The Reporters Committee for Freedom of the Press today urged Attorney General John Ashcroft not to issue another subpoena to Vanessa Leggett, the Texas book author who spent 168 days in jail on a civil contempt charge for refusing to comply with a federal subpoena demanding her confidential research.

The letter asked Ashcroft to acknowledge that Ms. Leggett is a journalist who qualifies for the protections afforded by the Department of Justice’s news media subpoena guidelines.

Those guidelines require that, before the Department can issue a subpoena to a journalist, it first must carefully balance the public’s interest in law enforcement with the public’s interest in a free press. The guidelines also require that subpoenas to journalists seek relevant, specific information that cannot be obtained elsewhere.

The Reporters Committee argued that the subpoena issued to Ms. Leggett last summer, which essentially demanded four years of her research into a Houston murder, was so broad that it could not have met the Department’s subpoena guidelines.

The letter noted the futility of issuing another subpoena to Ms. Leggett.

“Ms.
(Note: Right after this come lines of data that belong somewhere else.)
(* Let $\mathbb G=V_1\times V_2$ be a step-two Carnot group and let $f\in\mathcal A_h(\mathbb G)$. Assume in addition that $f$ is $V_2$-affine, i.e. for every $(x,z)\in\mathbb G$ and $z'\in V_2$ the map $t\in\mathbb R\mapsto f(x,z+tz')$ is affine. Then there are an affine map $a\in\mathcal A(V_1\times V_2)$ and a bilinear map $b:V_1\times V_2\to\mathbb R$ such that $b(x,[x,x'])=0$ for all $x,x'\in V_1$ and $f(x,z)=a(x,z)+b(x,z)$ for all $(x,z)\in\mathbb G$.
   Context: A step-two Carnot group is $\mathbb G=V_1\times V_2$, where $V_1,V_2$ are finite-dimensional real vector spaces with $V_2\neq\{0\}$, equipped with a bilinear skew-symmetric map $[\cdot,\cdot]:V_1\times V_1\to V_2$ with $\operatorname{span}\{[x,x']:x,x'\in V_1\}=V_2$, and group law $(x,z)\cdot(x',z')=(x+x',z+z'+[x,x'])$. $\mathcal A_h(\mathbb G)$ is the space of $h$-affine maps $f:\mathbb G\to\mathbb R$, i.e. such that for all $(x,z)\in\mathbb G$, $y\in V_1$, $t\mapsto f((x,z)\cdot(ty,0))$ is affine. $\mathcal A(V_1\times V_2)$ denotes the maps affine in the usual sense on the vector space $V_1\times V_2$. *)

From HB Require Import structures.
From mathcomp Require Import all_boot all_order all_algebra.
From mathcomp Require Import reals.
Set Implicit Arguments. Unset Strict Implicit. Unset Printing Implicit Defensive.
Import Order.TTheory GRing.Theory Num.Theory.
Local Open Scope ring_scope.

Section Defs.
Variable R : realType.

Definition lin_map (U W : lmodType R) (g : U -> W) :=
  forall (c : R) (u v : U), g (c *: u + v) = c *: g u + g v.

Definition lin_form (U : lmodType R) (g : U -> R) :=
  forall (c : R) (u v : U), g (c *: u + v) = c * g u + g v.

Definition affine_fun (g : R -> R) := exists a b : R, forall t, g t = a + b * t.

Variables V1 V2 : vectType R.

(* step-two Carnot group data: bilinear skew-symmetric bracket spanning V2, V2 <> 0 *)
Definition carnot_bracket (br : V1 -> V1 -> V2) :=
  [/\ (forall x, lin_map (br x)), (forall x', lin_map (fun x => br x x')),
      (forall x x', br x x' = - br x' x),
      (forall z : V2, exists (n : nat) (c : 'I_n -> R) (x x' : 'I_n -> V1),
          z = \sum_(i < n) c i *: br (x i) (x' i))
    & exists z : V2, z != 0].

Definition cmul (br : V1 -> V1 -> V2) (p q : V1 * V2) : V1 * V2 :=
  (p.1 + q.1, p.2 + q.2 + br p.1 q.1).

Definition h_affine (br : V1 -> V1 -> V2) (f : V1 * V2 -> R) :=
  forall (p : V1 * V2) (y : V1), affine_fun (fun t => f (cmul br p (t *: y, 0))).

Definition V2_affine (f : V1 * V2 -> R) :=
  forall (x : V1) (z z' : V2), affine_fun (fun t => f (x, z + t *: z')).

Definition affine_map (a : V1 * V2 -> R) :=
  exists (c : R) (l : V1 * V2 -> R), lin_form l /\ forall p, a p = c + l p.

Definition bilin_form (b : V1 -> V2 -> R) :=
  (forall x, lin_form (b x)) /\ (forall z, lin_form (fun x => b x z)).

End Defs.

From HB Require Import structures.
From mathcomp Require Import all_boot all_order all_algebra.
From mathcomp Require Import reals.
From mathcomp Require Import ring lra.

Set Implicit Arguments.
Unset Strict Implicit.
Unset Printing Implicit Defensive.
Import GRing.Theory Num.Theory.
Local Open Scope ring_scope.

(* Affinity along vertical lines makes [vpart x z = f (x, z) - f (x, 0)] linear
   in [z]; comparing [f] at heights [z] and [0] along horizontal lines shows that
   it is also affine in [x], so [f (x, z) = hpart x + vlin z + vbil x z] with
   [vlin] linear and [vbil] bilinear.  Along the horizontal line
   [t |-> (x, 0) . (t y, 0)] the function [f] equals [hpart (x + t y)] plus a
   polynomial in [t] whose [t^2]-coefficient is [vbil y [x, y]].  As [hpart] is
   affine on lines through the origin, rescaling [x] and [y] changes the second
   differences of [hpart] and this coefficient by different factors, which
   forces [vbil y [x, y] = 0]; skew-symmetry then gives [vbil x [x, y] = 0], and
   what remains says that [hpart] is affine. *)

Section AffineFun.
Variable R : realType.
Implicit Types phi psi : R -> R.

Lemma affine_funE phi : affine_fun phi -> forall t, phi t = phi 0 + t * (phi 1 - phi 0).
Proof. by move=> [a [b phiE]] t; rewrite !phiE; ring. Qed.

Lemma affine_fun_second_difference phi : affine_fun phi -> phi 0 - 2 * phi 1 + phi 2 = 0.
Proof. by move=> /affine_funE phiE; rewrite (phiE 2); ring. Qed.

Lemma eq_affine_fun phi psi : phi =1 psi -> affine_fun phi -> affine_fun psi.
Proof. by move=> eq_phi [a [b phiE]]; exists a, b => t; rewrite -eq_phi. Qed.

Lemma affine_funB phi psi : affine_fun phi -> affine_fun psi ->
  affine_fun (fun t => phi t - psi t).
Proof.
by move=> [a [b phiE]] [a' [b' psiE]]; exists (a - a'), (b - b') => t; rewrite phiE psiE; ring.
Qed.

Lemma affine_fun_sub_linear phi (k : R) :
  affine_fun phi -> affine_fun (fun t => phi t - t * k).
Proof. by move=> [a [b phiE]]; exists a, (b - k) => t; rewrite phiE; ring. Qed.

End AffineFun.

Section LinearMaps.
Variable R : realType.
Variables U W : lmodType R.

Lemma lin_form0 (g : U -> R) : lin_form g -> g 0 = 0.
Proof. by move=> gL; have := gL 1 0 0; rewrite scaler0 addr0 mul1r; lra. Qed.

Lemma lin_formZ (g : U -> R) : lin_form g -> forall c u, g (c *: u) = c * g u.
Proof. by move=> gL c u; have := gL c u 0; rewrite !addr0 (lin_form0 gL) addr0. Qed.

Lemma lin_formD (g : U -> R) : lin_form g -> forall u v, g (u + v) = g u + g v.
Proof. by move=> gL u v; have := gL 1 u v; rewrite scale1r mul1r. Qed.

Lemma lin_formN (g : U -> R) : lin_form g -> forall u, g (- u) = - g u.
Proof. by move=> gL u; rewrite -scaleN1r (lin_formZ gL) mulN1r. Qed.

Lemma lin_formB (g h : U -> R) : lin_form g -> lin_form h -> lin_form (fun u => g u - h u).
Proof. by move=> gL hL c u v; rewrite gL hL; ring. Qed.

Lemma lin_map0 (g : U -> W) : lin_map g -> g 0 = 0.
Proof.
move=> gL; have := gL 1 0 0; rewrite scaler0 addr0 scale1r.
by move/(congr1 (fun w => w - g 0)); rewrite subrr addrK.
Qed.

Lemma lin_mapZ (g : U -> W) : lin_map g -> forall c u, g (c *: u) = c *: g u.
Proof. by move=> gL c u; have := gL c u 0; rewrite !addr0 (lin_map0 gL) addr0. Qed.

Definition affine_on_lines (h : U -> R) :=
  forall u v, affine_fun (fun t => h (u + t *: v)).

Lemma affine_on_lines_lin_form (h : U -> R) :
  affine_on_lines h -> lin_form (fun u => h u - h 0).
Proof.
move=> hA.
have hE u v t : h (u + t *: v) = h u + t * (h (u + v) - h u).
  by rewrite (affine_funE (hA u v)) /= scale0r addr0 scale1r.
have hZ v t : h (t *: v) = h 0 + t * (h v - h 0) by have := hE 0 v t; rewrite !add0r.
have hD u v : h (u + v) = h u + h v - h 0.
  have midE : u + 2^-1 *: (v - u) = 2^-1 *: (u + v).
    apply: (@scalerI _ _ 2); first by rewrite pnatr_eq0.
    rewrite scalerDr !scalerA mulfV ?pnatr_eq0 // !scale1r scalerDl scale1r.
    by rewrite -addrA [u + (v - u)]addrC subrK.
  have := hE u (v - u) 2^-1; rewrite midE hZ [u + (v - u)]addrC subrK; lra.
by move=> c u v /=; rewrite hD hZ; ring.
Qed.

End LinearMaps.

Lemma affine_map_pair (R : realType) (U V : vectType R) (k : R)
    (l1 : U -> R) (l2 : V -> R) :
  lin_form l1 -> lin_form l2 -> affine_map (fun p : U * V => k + (l1 p.1 + l2 p.2)).
Proof.
move=> l1L l2L; exists k, (fun p => l1 p.1 + l2 p.2); split=> // c [u v] [u' v'] /=.
by rewrite l1L l2L; ring.
Qed.

Section HorizontallyAndVerticallyAffine.
Variable R : realType.
Variables V1 V2 : vectType R.
Variable br : V1 -> V1 -> V2.
Hypothesis br_linr : forall x, lin_map (br x).
Hypothesis br_linl : forall x', lin_map (fun x => br x x').
Hypothesis br_skew : forall x x', br x x' = - br x' x.
Variable f : V1 * V2 -> R.
Hypothesis f_h_affine : h_affine br f.
Hypothesis f_V2_affine : V2_affine f.

Lemma cmul_horizontal x z y t :
  cmul br (x, z) (t *: y, 0) = (x + t *: y, z + t *: br x y).
Proof. by rewrite /cmul /= addr0 (lin_mapZ (br_linr x)). Qed.

Definition hpart x := f (x, 0).
Definition vpart x z := f (x, z) - f (x, 0).
Definition vlin z := vpart 0 z.
Definition vbil x z := vpart x z - vpart 0 z.

Lemma vpart_lin x : lin_form (vpart x).
Proof. exact: (affine_on_lines_lin_form (f_V2_affine x)). Qed.

Lemma vpart_affine_on_lines z : affine_on_lines (fun x => vpart x z).
Proof.
move=> x y; apply: eq_affine_fun (affine_funB (f_h_affine (x, z) y) (f_h_affine (x, 0) y)).
move=> t /=; rewrite !cmul_horizontal add0r.
by have := lin_formD (vpart_lin (x + t *: y)) z (t *: br x y); rewrite /vpart; lra.
Qed.

Lemma vlin_lin : lin_form vlin.
Proof. exact: vpart_lin. Qed.

Lemma vbil_bilin : bilin_form vbil.
Proof.
split=> [x|z]; first exact: lin_formB (vpart_lin x) (vpart_lin 0).
exact: affine_on_lines_lin_form (vpart_affine_on_lines z).
Qed.

Lemma f_decomp x z : f (x, z) = hpart x + vlin z + vbil x z.
Proof. by rewrite /hpart /vlin /vbil /vpart; ring. Qed.

Lemma f_horizontal_line x y t :
  f (cmul br (x, 0) (t *: y, 0)) = hpart (x + t *: y) + t * vlin (br x y)
    + t * vbil x (br x y) + t ^+ 2 * vbil y (br x y).
Proof.
have [vbil_z vbil_x] := vbil_bilin.
rewrite cmul_horizontal add0r f_decomp (lin_formZ vlin_lin) (lin_formZ (vbil_z _)).
by rewrite (lin_formD (vbil_x _)) (lin_formZ (vbil_x _)); ring.
Qed.

Lemma hpart_second_difference x y :
  hpart x - 2 * hpart (x + y) + hpart (x + 2 *: y) = - 2 * vbil y (br x y).
Proof.
have := affine_fun_second_difference (f_h_affine (x, 0) y).
rewrite /= !f_horizontal_line scale0r addr0 scale1r expr2; lra.
Qed.

Lemma hpart_radial y t : hpart (t *: y) = hpart 0 + t * (hpart y - hpart 0).
Proof.
have := affine_funE (f_h_affine (0, 0) y) t.
by rewrite /= !cmul_horizontal !add0r scale0r scale1r (lin_map0 (br_linl y)) !scaler0.
Qed.

Lemma vbil_bracketr x y : vbil y (br x y) = 0.
Proof.
have [vbil_z vbil_x] := vbil_bilin.
have two_neq0 : (2 : R) != 0 by rewrite pnatr_eq0.
have near : x = 2^-1 *: (2 *: x) by rewrite scalerA mulVf // scale1r.
have mid : x + 2^-1 *: y = 2^-1 *: (2 *: x + y).
  by rewrite scalerDr scalerA mulVf // scale1r.
have far : x + 2 *: (2^-1 *: y) = 2^-1 *: (2 *: x + 2 *: y).
  by rewrite scalerDr !scalerA mulVf // mulfV // !scale1r.
have coarse := hpart_second_difference (2 *: x) y.
have fine := hpart_second_difference x (2^-1 *: y).
(* By radial affinity the left side of [fine] is half that of [coarse], while
   the right sides are [-q/2] and [-4 q] for [q := vbil y (br x y)]. *)
rewrite far mid {1}near !hpart_radial in fine.
rewrite (lin_mapZ (br_linr x)) (lin_formZ (vbil_z _)) (lin_formZ (vbil_x _)) in fine.
rewrite (lin_mapZ (br_linl y)) (lin_formZ (vbil_z _)) in coarse.
by move: coarse fine; rewrite (hpart_radial x 2); lra.
Qed.

Lemma vbil_bracketl x y : vbil x (br x y) = 0.
Proof.
have := vbil_bracketr y x; rewrite br_skew (lin_formN (vbil_bilin.1 _)).
by move/eqP; rewrite oppr_eq0 => /eqP.
Qed.

Lemma hpart_lin : lin_form (fun x => hpart x - hpart 0).
Proof.
apply: affine_on_lines_lin_form => x y.
apply: eq_affine_fun (affine_fun_sub_linear (vlin (br x y)) (f_h_affine (x, 0) y)) => t /=.
by rewrite f_horizontal_line vbil_bracketl vbil_bracketr; ring.
Qed.

End HorizontallyAndVerticallyAffine.

Theorem proposition3p4 (R : realType) (V1 V2 : vectType R)
  (br : V1 -> V1 -> V2) (Hbr : carnot_bracket br)
  (f : V1 * V2 -> R) (Hf : h_affine br f) (HfV2 : V2_affine f) :
  exists (a : V1 * V2 -> R) (b : V1 -> V2 -> R),
    [/\ affine_map a, bilin_form b,
        (forall x x' : V1, b x (br x x') = 0)
      & forall (x : V1) (z : V2), f (x, z) = a (x, z) + b x z].
Proof.
have [br_linr br_linl br_skew _ _] := Hbr.
exists (fun p => hpart f 0 + ((hpart f p.1 - hpart f 0) + vlin f p.2)), (vbil f).
split.
- have hpart_lin_f := hpart_lin br_linr br_linl br_skew Hf HfV2.
  exact: (affine_map_pair (hpart f 0) hpart_lin_f (vlin_lin HfV2)).
- exact: (vbil_bilin br_linr Hf HfV2).
- exact: (vbil_bracketl br_linr br_linl br_skew Hf HfV2).
- by move=> x z; rewrite f_decomp /=; ring.
Qed.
Leggett spent 168 days in jail objecting to the demands of an onerous and overbroad subpoena. She has proven that she will not comply with such requests from federal prosecutors, not out of spite, but on principle — a principle on which she has been supported by a great number of media organizations,” the letter said.

“Further action on the part of your Department to force Ms. Leggett to divulge her confidential research would not only violate the Department’s guidelines, it would be pointless.”

Ms. Leggett was released from the Federal Detention Center in Houston on Jan. 4 when the grand jury before which she was ordered to testify completed its term. However, she could be subpoenaed to testify at trial if prosecutors obtain an indictment in the underlying criminal case, or she could be called before another grand jury.